Shirley Elizabeth Barnes (born April 5, 1938) is a former United States diplomat and a career Foreign Service officer. She was appointed United States Ambassador to Madagascar from June 29, 1998, to July 28, 2001.

== Life ==
Barnes was born on April 5, 1938, in St. Augustine, Florida. When she was five years old, her family moved to Saratoga, New York.

== Education ==
In 1956 she graduated from Baruch College with a bachelor's degree in business. During her college years, she joined the Delta Sigma Theta sorority, the National Association for the Advancement of Colored People (NAACP), and became fluent in French.

She later studied International Affairs at Boston University. She received a master's degree in business administration from Columbia University in 1970.

She was a part of the Senior Seminar Class of the National War College graduating in 1995.

== Career ==
Before joining the Foreign Service, Barnes became vice president in several major advertising agencies and worked for the Ford Foundation from 1961- 1965 in the Republic of Congo, Kinshasa. After returning to the U.S. in 1965, she worked for the historic African-American Institute in New York City.

In 1984, Barnes joined the U.S. Foreign Service and became a General Services Officer at the U.S. Embassy in Egypt. She was promoted in 1986 to the Supervisor for the General Services Office at the Embassy in Senegal. From 1990 to 1992, Barnes worked as a Counselor for Administration in East Berlin, Germany.

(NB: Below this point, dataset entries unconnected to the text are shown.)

Definition orth_kernel (m k : nat) (M : 'M[int]_(m, k)) (sigma : 'I_k -> bool)
  (z : 'cV[int]_k) : Prop :=
  in_orthant sigma z /\ M *m z = 0.

Definition Zplus_gen (k : nat) (H : 'cV[int]_k -> Prop) (z : 'cV[int]_k) : Prop :=
  exists l : seq 'cV[int]_k, (forall h, h \in l -> H h) /\ z = \sum_(h <- l) h.

Definition generates (k : nat) (H S : 'cV[int]_k -> Prop) : Prop :=
  forall z, Zplus_gen H z <-> S z.

Definition minimal_generating (k : nat) (H S : 'cV[int]_k -> Prop) : Prop :=
  generates H S /\
  forall H' : 'cV[int]_k -> Prop, (forall z, H' z -> H z) -> generates H' S ->
    forall z, H z -> H' z.

Definition graver (m k : nat) (M : 'M[int]_(m, k)) (z : 'cV[int]_k) : Prop :=
  z != 0 /\
  exists (sigma : 'I_k -> bool) (H : 'cV[int]_k -> Prop),
    minimal_generating H (orth_kernel M sigma) /\ H z.

(* Entry of a matrix accessed with natural-number indices (0 out of range). *)
Definition ent (m k : nat) (M : 'M[int]_(m, k)) (i j : nat) : int :=
  match insub i, insub j with
  | Some i', Some j' => M i' j'
  | _, _ => 0
  end.

(* Rows: d_b rows of [B ... B | 0], then
   N blocks of d_a rows (block-diagonal A), then N blocks of s rows
   (block-diagonal C | block-diagonal I_s).  Columns: N*n then N*s. *)
Definition bigentry (da db s n : nat) (A : 'M[int]_(da, n)) (B : 'M[int]_(db, n))
  (C : 'M[int]_(s, n)) (N : nat) (r c : nat) : int :=
  if (r < db)%N then
    (if (c < N * n)%N then ent B r (c %% n) else 0)
  else
    let r1 := (r - db)%N in
    if (r1 < N * da)%N then
      (if (c < N * n)%N && (c %/ n == r1 %/ da)%N then ent A (r1 %% da) (c %% n) else 0)
    else
      let r2 := (r1 - N * da)%N in
      if (c < N * n)%N then
        (if (c %/ n == r2 %/ s)%N then ent C (r2 %% s) (c %% n) else 0)
      else (if (c - N * n == r2)%N then 1 else 0).

Definition bigmx (da db s n : nat) (A : 'M[int]_(da, n)) (B : 'M[int]_(db, n))
  (C : 'M[int]_(s, n)) (N : nat) : 'M[int]_(db + N * da + N * s, N * n + N * s) :=
  \matrix_(i, j) bigentry A B C N i j.

(* Binary encoding length of an integer: 1 (sign) + ceil(log2(|a|+1)). *)
Definition enc_int (a : int) : nat := (1 + up_log 2 (`|a|%N).+1)%N.

Definition enc_vec (k : nat) (z : 'cV[int]_k) : nat := (\sum_(i < k) enc_int (z i ord0))%N.
Lemma LM_twist_sqr : LM_twist * LM_twist = 1.
Proof. by apply/permP => X; rewrite permM perm1 !permE LM_twist_funK. Qed.

Lemma LM_twist_autpC p : p.2 \in Aut [set: gT] -> commute (LM_autp p) LM_twist.
Proof.
move=> autGa; apply/permP => -[A x].
by rewrite !permM LM_twistE !LM_autpE LM_twistE klein_aut_eq1; case: ifP; rewrite ?autT_morphV.
Qed.

Lemma LM_twist_Half : abelian [set: gT] -> LM_twist \in LM_Half gT.
Proof.
move=> abelG; apply/LM_HalfP => -[A x] [B y].
have [-> | nt_B] := eqVneq B 1.
  rewrite LM_mul1r !LM_twistE eqxx; have [_ | nt_A] := eqVneq A 1.
    by left; rewrite LM_mul1r.
  by right; rewrite LM_mulNr // mul1g invMg.
have [-> | nt_A] := eqVneq A 1.
  rewrite LM_mulNr // !LM_twistE mul1g eqxx (negPf nt_B).
  by right; rewrite LM_mul1r invMg invgK.
have [<- | neq_AB] := eqVneq A B.
  rewrite LM_mulNr // klein_mulgg !LM_twistE eqxx (negPf nt_A) !LM_mulNr // klein_mulgg.
  by right; rewrite invgK (abelian_mulgC abelG).
rewrite LM_mulNr // !LM_twistE klein_mul_eq1 (negPf nt_A) (negPf nt_B) (negPf neq_AB).
by left; rewrite LM_mulNr // invMg !invgK (abelian_mulgC abelG).
Qed.

End Constructions.

Section HalfAutomorphism.
Variables (gT : finGroupType) (m : gT) (f : {perm Klein * gT}).
Hypotheses (abelG : abelian [set: gT]) (oddG : odd #|[set: gT]|) (nt_m : m != 1).
Hypothesis fhalf : half_morph f.
Implicit Types (A B C : Klein) (x y : gT).

Local Notation mulgC := (abelian_mulgC abelG).

Definition alpha x := (f (1, x)).2.
Definition sigma A := (f (A, 1)).1.
Definition beta A x := (f (A, x)).2.

Lemma f_coset1 x : f (1, x) = (1, alpha x).
Proof.
have [y <-] := odd_sqrtg oddG x; rewrite [LHS]surjective_pairing; congr (_, _).
by rewrite -LM_mul1r; case: (fhalf (1, y) (1, y)) => ->; rewrite LM_mul_fst klein_mulgg.
Qed.

Lemma alphaM : {morph alpha : x y / x * y}.
Proof.
move=> x y; rewrite {1}/alpha -LM_mul1r.
by case: (fhalf (1, x) (1, y)) => ->; rewrite !f_coset1 LM_mul1r //= mulgC.
Qed.

Lemma alpha_inj : injective alpha.
Proof.
move=> x y eq_xy; have : f (1, x) = f (1, y) by rewrite !f_coset1 eq_xy.
by move/perm_inj => [].
Qed.

Lemma alpha1 : alpha 1 = 1.
Proof. by apply: (mulgI (alpha 1)); rewrite -alphaM !mulg1. Qed.

Lemma alphaV : {morph alpha : x / x^-1}.
Proof. by move=> x; apply: (mulIg (alpha x)); rewrite -alphaM !mulVg alpha1. Qed.

Lemma alpha_eq1 x : (alpha x == 1) = (x == 1).
Proof. by rewrite -{1}alpha1 (inj_eq alpha_inj). Qed.

Lemma f_fst A x : (f (A, x)).1 = sigma A.
Proof.
have -> : (A, x) = LM_mul (A, 1) (1, x) by rewrite LM_mul1r mul1g.
by case: (fhalf (A, 1) (1, x)) => ->; rewrite LM_mul_fst f_coset1 ?mulg1 ?mul1g.
Qed.

Lemma fE A x : f (A, x) = (sigma A, beta A x).
Proof. by rewrite [LHS]surjective_pairing f_fst. Qed.

Lemma sigma1 : sigma 1 = 1.
Proof. by rewrite /sigma f_coset1. Qed.

Lemma sigmaM : {morph sigma : A B / A * B}.
Proof.
move=> A B; rewrite {1}/sigma.
have -> : (A * B, 1) = LM_mul (A, 1) (B, 1) :> Klein * gT
  by rewrite LM_mulE invg1 mulg1; case: ifP.
by case: (fhalf (A, 1) (B, 1)) => ->; rewrite LM_mul_fst // kleinC.
Qed.

Lemma sigma_inj : injective sigma.
Proof.
have sigma_eq1 A : sigma A = 1 -> A = 1.
  move=> sA1; have [g _ alphaK] := injF_bij alpha_inj.
  have : f (A, 1) = f (1, g (beta A 1)) by rewrite fE f_coset1 alphaK sA1.
  by move/perm_inj => [].
move=> A B eq_sAB; apply/eqP; rewrite -klein_mul_eq1; apply/eqP/sigma_eq1.
by rewrite sigmaM eq_sAB klein_mulgg.
Qed.

Lemma sigma_eq1 A : (sigma A == 1) = (A == 1).
Proof. by rewrite -{1}sigma1 (inj_eq sigma_inj). Qed.

Lemma beta_cases A x : A != 1 ->
  beta A x = beta A 1 * alpha x \/ beta A x = beta A 1 * (alpha x)^-1.
Proof.
move=> nt_A; have := fhalf (A, 1) (1, x).
rewrite LM_mul1r mul1g f_coset1 !fE LM_mul1r LM_mulNr ?sigma_eq1 // mul1g.
by case=> /(congr1 snd) /= ->; [left | right; rewrite mulgC].
Qed.

Lemma beta_quot A x y : A != 1 ->
  alpha (x^-1 * y) = (beta A x)^-1 * beta A y \/
  alpha (x^-1 * y) = (beta A y)^-1 * beta A x.
Proof.
move=> nt_A; have := fhalf (A, x) (A, y).
rewrite LM_mulNr // klein_mulgg f_coset1 !fE !LM_mulNr ?sigma_eq1 //.
by case=> /(congr1 snd) /= ->; [left | right].
Qed.

(* A coset on which both shapes occur yields alpha x = (alpha x)^-1 for some
   x != 1 (beta_quot), impossible in odd order. *)
Lemma beta_uniform A : A != 1 ->
  (forall x, beta A x = beta A 1 * alpha x) \/
  (forall x, beta A x = beta A 1 * (alpha x)^-1).
Proof.
move=> nt_A; set t := beta A 1.
have [x0 /negP not_plus | all_plus] := pickP (fun x => beta A x != t * alpha x); last first.
  by left=> x; apply/eqP/negbFE/all_plus.
have beta_x0 : beta A x0 = t * (alpha x0)^-1.
  by case: (beta_cases x0 nt_A) => // beta_x0; case: not_plus; rewrite beta_x0.
right=> y; case: (beta_cases y nt_A) => // beta_y.
case: (beta_quot x0 y nt_A); rewrite alphaM alphaV beta_x0 beta_y.
- rewrite invMg invgK -mulgA mulKg => /mulIg/(odd_invg_fix oddG) alpha_x0.
  by case: not_plus; rewrite beta_x0 alpha_x0 invg1.
- rewrite invMg -mulgA mulKg mulgC => /mulIg/esym/(odd_invg_fix oddG) alpha_y.
  by rewrite alpha_y invg1.
Qed.

(* With C = A * B, the products (A,1)(B,m) and (B,m)(A,1) are (C, m) and
   (C, m^-1); their images have M-coordinate D or D^-1, and they differ, so
   their product (beta C 1)^2 is 1. *)
Lemma beta1 C : C != 1 -> beta C 1 = 1.
Proof.
move=> nt_C; have [A [B [nt_A nt_B defC]]] := klein_factor nt_C.
set t := beta C 1; set D := (beta A 1)^-1 * beta B m.
have DV : (beta B m)^-1 * beta A 1 = D^-1 by rewrite invMg invgK.
have beta_m : beta C m = D \/ beta C m = D^-1.
  have := fhalf (A, 1) (B, m).
  rewrite LM_mulNr // invg1 mul1g defC !fE !LM_mulNr ?sigma_eq1 // DV.
  by case=> /(congr1 snd) /= ->; [left | right].
have beta_mV : beta C m^-1 = D \/ beta C m^-1 = D^-1.
  have := fhalf (B, m) (A, 1).
  rewrite LM_mulNr // mulg1 kleinC defC !fE !LM_mulNr ?sigma_eq1 // DV.
  by case=> /(congr1 snd) /= ->; [right | left].
have alpha_mV : alpha m != (alpha m)^-1.
  by apply: contra nt_m => /eqP/esym/(odd_invg_fix oddG)/eqP; rewrite alpha_eq1.
have [neq_m_mV beta_mmV] : beta C m != beta C m^-1 /\ beta C m * beta C m^-1 = t * t.
  case: (beta_uniform nt_C) => beta_C; rewrite (beta_C m) (beta_C m^-1) -/t alphaV;
    rewrite (inj_eq (mulgI _)) ?invgK.
    by rewrite alpha_mV [t * _^-1]mulgC mulgA mulgK.
  by rewrite eq_sym alpha_mV [t * alpha m]mulgC mulgA mulgKV.
apply: (odd_mulgg_eq1 oddG); rewrite -beta_mmV.
by case: beta_m beta_mV neq_m_mV => -> [] ->; rewrite ?mulgV ?mulVg ?eqxx.
Qed.

Lemma beta_alpha A : A != 1 ->
  (forall x, beta A x = alpha x) \/ (forall x, beta A x = (alpha x)^-1).
Proof.
move=> nt_A; have [beta_A | beta_A] := beta_uniform nt_A; [left | right] => x;
  by rewrite beta_A (beta1 nt_A) mul1g.
Qed.

Lemma beta_sign_coherent A B : A != 1 -> B != 1 -> A != B ->
  (forall x, beta A x = alpha x) -> (forall x, beta B x = (alpha x)^-1) -> False.
Proof.
move=> nt_A nt_B neq_AB beta_A beta_B.
have nt_AB : A * B != 1 by rewrite klein_mul_eq1.
have := fhalf (A, m) (B, m).
rewrite LM_mulNr // !fE mulVg (beta1 nt_AB) !LM_mulNr ?sigma_eq1 //.
rewrite beta_A beta_B invgK => -[] /(congr1 snd) /= /esym/(odd_mulgg_eq1 oddG)/eqP.
  by rewrite invg_eq1 alpha_eq1 (negPf nt_m).
by rewrite alpha_eq1 (negPf nt_m).
Qed.

Lemma beta_sign :
  (forall A x, A != 1 -> beta A x = alpha x) \/
  (forall A x, A != 1 -> beta A x = (alpha x)^-1).
Proof.
pose A0 := klein_of_ord ord0; have nt_A0 : A0 != 1 := klein_of_ord_neq1 ord0.
have [beta_A0 | beta_A0] := beta_alpha nt_A0; [left | right] => A x nt_A;
  have [-> // | neq_AA0] := eqVneq A A0; have [beta_A | beta_A] := beta_alpha nt_A => //.
- by case: (beta_sign_coherent nt_A0 nt_A _ beta_A0 beta_A); rewrite eq_sym.
- by case: (beta_sign_coherent nt_A nt_A0 neq_AA0 beta_A beta_A0).
Qed.

Lemma half_aut_shape : exists2 p : {perm 'I_3} * {perm gT},
  p.2 \in Aut [set: gT] & f = LM_autp p \/ f = LM_autp p * LM_twist gT.
Proof.
have [s sigmaE] := klein_autP sigma_inj sigma1.
have autGa : perm alpha_inj \in Aut [set: gT].
  rewrite inE; apply/andP; split; first by apply/subsetP => x; rewrite inE.
  by apply/morphicP => x y _ _; rewrite !permE alphaM.
exists (s, perm alpha_inj) => //.
have [beta_E | beta_E] := beta_sign; [left | right]; apply/permP => -[A x];
  rewrite ?permM LM_autpE ?LM_twistE /= sigmaE permE fE ?sigma_eq1;
  by have [-> // | nt_A] := eqVneq A 1; rewrite beta_E.
Qed.

End HalfAutomorphism.

Section Classification.
Variable gT : finGroupType.
Hypotheses (abelG : abelian [set: gT]) (oddG : odd #|[set: gT]|) (ntG : exists m : gT, m != 1).
Implicit Types (p q : {perm 'I_3} * {perm gT}) (u v : 'Z_2 * ({perm 'I_3} * {perm gT})).

Lemma LM_Half_shape f : f \in LM_Half gT -> exists2 p,
  p.2 \in Aut [set: gT] & f = LM_autp p \/ f = LM_autp p * LM_twist gT.
Proof. by have [m nt_m] := ntG; move=> /LM_HalfP/(half_aut_shape abelG oddG nt_m). Qed.

Lemma LM_autp_twist_notAut p : p.2 \in Aut [set: gT] -> LM_autp p * LM_twist gT \notin LM_Aut gT.
Proof.
move=> autGa; apply/negP => /LM_AutP fM; have [m nt_m] := ntG.
have := fM (klein_of_ord ord0, 1) (1, m).
rewrite LM_mul1r mul1g !permM !LM_autpE klein_aut1 (autT_morph1 autGa) !LM_twistE.
rewrite klein_aut_eq1 (negPf (klein_of_ord_neq1 _)) eqxx invg1 LM_mul1r mul1g.
move=> /(congr1 snd) /= /(odd_invg_fix oddG); rewrite -(autT_morph1 autGa) => /perm_inj/eqP.
by rewrite (negPf nt_m).
Qed.

Definition LM_Aut_param := setX [set: 'S_3] (Aut [set: gT]).

Definition LM_autp_morphism := Morphism (in2W (@LM_autpM gT) : {in LM_Aut_param &, _}).

Lemma LM_autp_injm : 'injm LM_autp_morphism.
Proof. by apply/injmP; apply: in2W; apply: LM_autp_inj. Qed.
(* Let $\alpha,a,b\in\mathbb{C}$ be such that none of $\alpha+a,\alpha-a,\alpha+b,\alpha-b$ belongs to $\{0,-1,-2,\ldots\}$. Then \[ \sum_{k=0}^{\infty}\frac{k+\alpha}{((k+\alpha)^2-a^2)((k+\alpha)^2-b^2)} =\frac12\sum_{n=1}^{\infty}\frac{(-1)^{n-1}(1\pm a\pm b)_{n-1}(\alpha\pm a)_{n-1}(\alpha\pm b)_{n-1}}{n\binom{2n}{n}(\alpha\pm a)_{2n}(\alpha\pm b)_{2n}}\,q(n), \] where \[ q(n)=2(2n-1)(3n+2\alpha-3)((2n+\alpha-1)^2-a^2)((2n+\alpha-1)^2-b^2)+((n+\alpha-1)^2-a^2)((n+\alpha-1)^2-b^2)\bigl(13n^2-10n(1-\alpha)+2(1-\alpha)^2-a^2-b^2\bigr). \]
   Context: $(x)_n=x(x+1)\cdots(x+n-1)$, $(x)_0=1$. The notation $(u\pm v\pm w)_m$ denotes $(u+v+w)_m(u+v-w)_m(u-v+w)_m(u-v-w)_m$, and $(u\pm v)_m=(u+v)_m(u-v)_m$. *)

From Stdlib Require Import Reals.
From Stdlib Require Binomial.
From Coquelicot Require Import Coquelicot.
Open Scope C_scope.

Fixpoint poch (x : C) (n : nat) : C :=
  match n with
  | O => 1
  | S m => poch x m * (x + RtoC (INR m))
  end.

Definition poch_pm (u v : C) (m : nat) : C := poch (u + v) m * poch (u - v) m.

Definition poch_pmpm (u v w : C) (m : nat) : C :=
  poch (u + v + w) m * poch (u + v - w) m * poch (u - v + w) m * poch (u - v - w) m.

Definition nonpos_int (x : C) : Prop := exists m : nat, x = RtoC (- INR m).

Definition lhs_term (alpha a b : C) (k : nat) : C :=
  (RtoC (INR k) + alpha) /
  (((RtoC (INR k) + alpha) * (RtoC (INR k) + alpha) - a * a) *
   ((RtoC (INR k) + alpha) * (RtoC (INR k) + alpha) - b * b)).

Definition qn (alpha a b : C) (n : nat) : C :=
  let N := RtoC (INR n) in
  2 * (2 * N - 1) * (3 * N + 2 * alpha - 3)
    * ((2 * N + alpha - 1) * (2 * N + alpha - 1) - a * a)
    * ((2 * N + alpha - 1) * (2 * N + alpha - 1) - b * b)
  + ((N + alpha - 1) * (N + alpha - 1) - a * a)
    * ((N + alpha - 1) * (N + alpha - 1) - b * b)
    * (13 * N * N - 10 * N * (1 - alpha) + 2 * (1 - alpha) * (1 - alpha) - a * a - b * b).

(* summand of the right-hand series at index n >= 1 (without the factor 1/2) *)
Definition rhs_term (alpha a b : C) (n : nat) : C :=
  (RtoC ((-1) ^ (n - 1)) * poch_pmpm 1 a b (n - 1)
     * poch_pm alpha a (n - 1) * poch_pm alpha b (n - 1))
  / (RtoC (INR n) * RtoC (Binomial.C (2 * n) n)
     * poch_pm alpha a (2 * n) * poch_pm alpha b (2 * n))
  * qn alpha a b n.

From Stdlib Require Import Reals Lia Lra.
From Coquelicot Require Import Coquelicot.
Open Scope C_scope.

(* A Markov-WZ summation.  Put Q(y) = (y^2-a^2)(y^2-b^2), W(y,m) = Q(y)Q(y+1)...Q(y+m-1),
   s(n) = (-1)^n (1+-a+-b)_n / C(2n,n) (quartic, quartic_prod, wz_s below) and
     F(n,k) = s(n) (alpha+k+3n/2) / W(alpha+k+n, n+1),
     G(n,k) = s(n) q(n+1) / (4(2n+1) W(alpha+k+n, n+2)),  q taken at alpha+k.
   Then F(n+1,k) - F(n,k) = G(n,k+1) - G(n,k), F(0,k) is the k-th term of the left
   series and G(n,0) half the (n+1)-th term of the right one.  Summing the identity over
   k < K and n < N, and letting K -> oo (G(n,K) = O(1/K)), gives
     sum_k F(0,k) = sum_(n<N) G(n,0) + sum_k F(N,k),
   and the last series tends to 0 because |F(N+1,k)| <= |F(N,k)|/2 for all large N. *)

(** * Elementary estimates *)

Lemma RtoC_INR_S (n : nat) : RtoC (INR (S n)) = RtoC (INR n) + 1.
Proof. now rewrite S_INR, RtoC_plus. Qed.

Lemma RtoC_INR_plus (n m : nat) : RtoC (INR (n + m)) = RtoC (INR n) + RtoC (INR m).
Proof. now rewrite plus_INR, RtoC_plus. Qed.

Lemma RtoC_neq_0 (r : R) : r <> 0%R -> RtoC r <> 0.
Proof. intros Hr E. apply Hr, RtoC_inj, E. Qed.

Lemma RtoC_affine_INR_neq_0 (p q : R) (n : nat) :
  (0 <= p)%R -> (0 < q)%R -> RtoC p * RtoC (INR n) + RtoC q <> 0.
Proof.
  intros Hp Hq. rewrite <- RtoC_mult, <- RtoC_plus. apply RtoC_neq_0.
  pose proof (pos_INR n). nra.
Qed.

Lemma RtoC_INR_S_neq_0 (n : nat) : RtoC (INR n) + 1 <> 0.
Proof. rewrite <- RtoC_INR_S. apply RtoC_neq_0, not_0_INR. lia. Qed.

Lemma Cmod_minus_le (x y : C) : (Cmod (x - y) <= Cmod x + Cmod y)%R.
Proof. eapply Rle_trans; [apply Cmod_triangle|]. rewrite Cmod_opp. lra. Qed.

Lemma Cmod_plus_real_le (u : C) (c r : R) :
  (Cmod u <= c)%R -> (0 <= r)%R -> (Cmod (u + RtoC r) <= r + c)%R.
Proof.
  intros Hu Hr. eapply Rle_trans; [apply Cmod_triangle|].
  rewrite Cmod_R, Rabs_pos_eq; lra.
Qed.
(* One step never increases the Bregman distance to a point [z] of [C]: by the three-point
   identity, D_f^{x*_(k+1)}(x_(k+1), z) <= D_f^{x*_k}(x_k, z) - D_f^{x*_k}(x_k, x_(k+1)).
   For a step onto [C_i] this is admissibility of [x*_(k+1)]; for a halfspace step, [C_i]
   lies in [H_k] and the dual update [x*_k - t_k a_k] is a subgradient at [x_(k+1)] with
   [t_k >= 0], [t_k] being a Lagrange multiplier of the projection onto [H_k]. Strong convexity
   turns this into monotonicity of [dist_f] and boundedness of the iterates.
   Bounded linear regularity of [{Q_i, R(A_i)}] bounds [dist(x_k, C_i)] by a multiple of
   [|x_k - x_(k+1)|], and that of [{C_i}] bounds [dist(x_k, C)^2] by the sum over [i], so
   averaging over the random index gives [E d_(k+1) <= E d_k - c E dist(x_k, C)^2] for
   [d_k = dist_f(x_k, C)^2]. Since [d_k <= L dist(x_k, C)] on bounded sets, Jensen's inequality
   yields [a_(k+1) <= a_k - c' a_k^2] for [a_k = E d_k]; hence [a_k = O(1/k)], and
   [dist^2 <= (2/alpha) d_k] gives [E dist(x_k, C) = O(1/sqrt k)]. *)

From HB Require Import structures.
From mathcomp Require Import all_boot all_order all_algebra.
From mathcomp Require Import all_classical all_reals all_analysis.
From mathcomp Require Import ring lra.
Set Implicit Arguments. Unset Strict Implicit. Unset Printing Implicit Defensive.
Import Order.TTheory GRing.Theory Num.Theory.
Import numFieldNormedType.Exports.
Local Open Scope classical_set_scope.
Local Open Scope ring_scope.

Section EuclideanGeometry.
Variables (R : realType) (k : nat).
Implicit Types (u v w : 'cV[R]_k) (D : set 'cV[R]_k).

Lemma dotvC u v : dotv u v = dotv v u.
Proof. by apply: eq_bigr => j _; rewrite mulrC. Qed.

Lemma dotvDl u v w : dotv (u + v) w = dotv u w + dotv v w.
Proof. by rewrite /dotv -big_split; apply: eq_bigr => j _; rewrite !mxE mulrDl. Qed.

Barnes was the director of Western European affairs in the Bureau of European Affairs at the United States Department of State and served as a diplomat in West Berlin, Cairo, Sofia, and Dakar. She was also consul general in Strasbourg, France.

In 1998, Barnes became the U.S. Ambassador to Madagascar and served until her retirement in 2001.

In 2004 she founded the Barnes Findley Foundation, a non-profit foundation dedicated to supporting women and girls in the African Diaspora with an emphasis on anti-human trafficking and economic empowerment.

Barnes received an honorary doctor of laws degree in 2006 from Knox College.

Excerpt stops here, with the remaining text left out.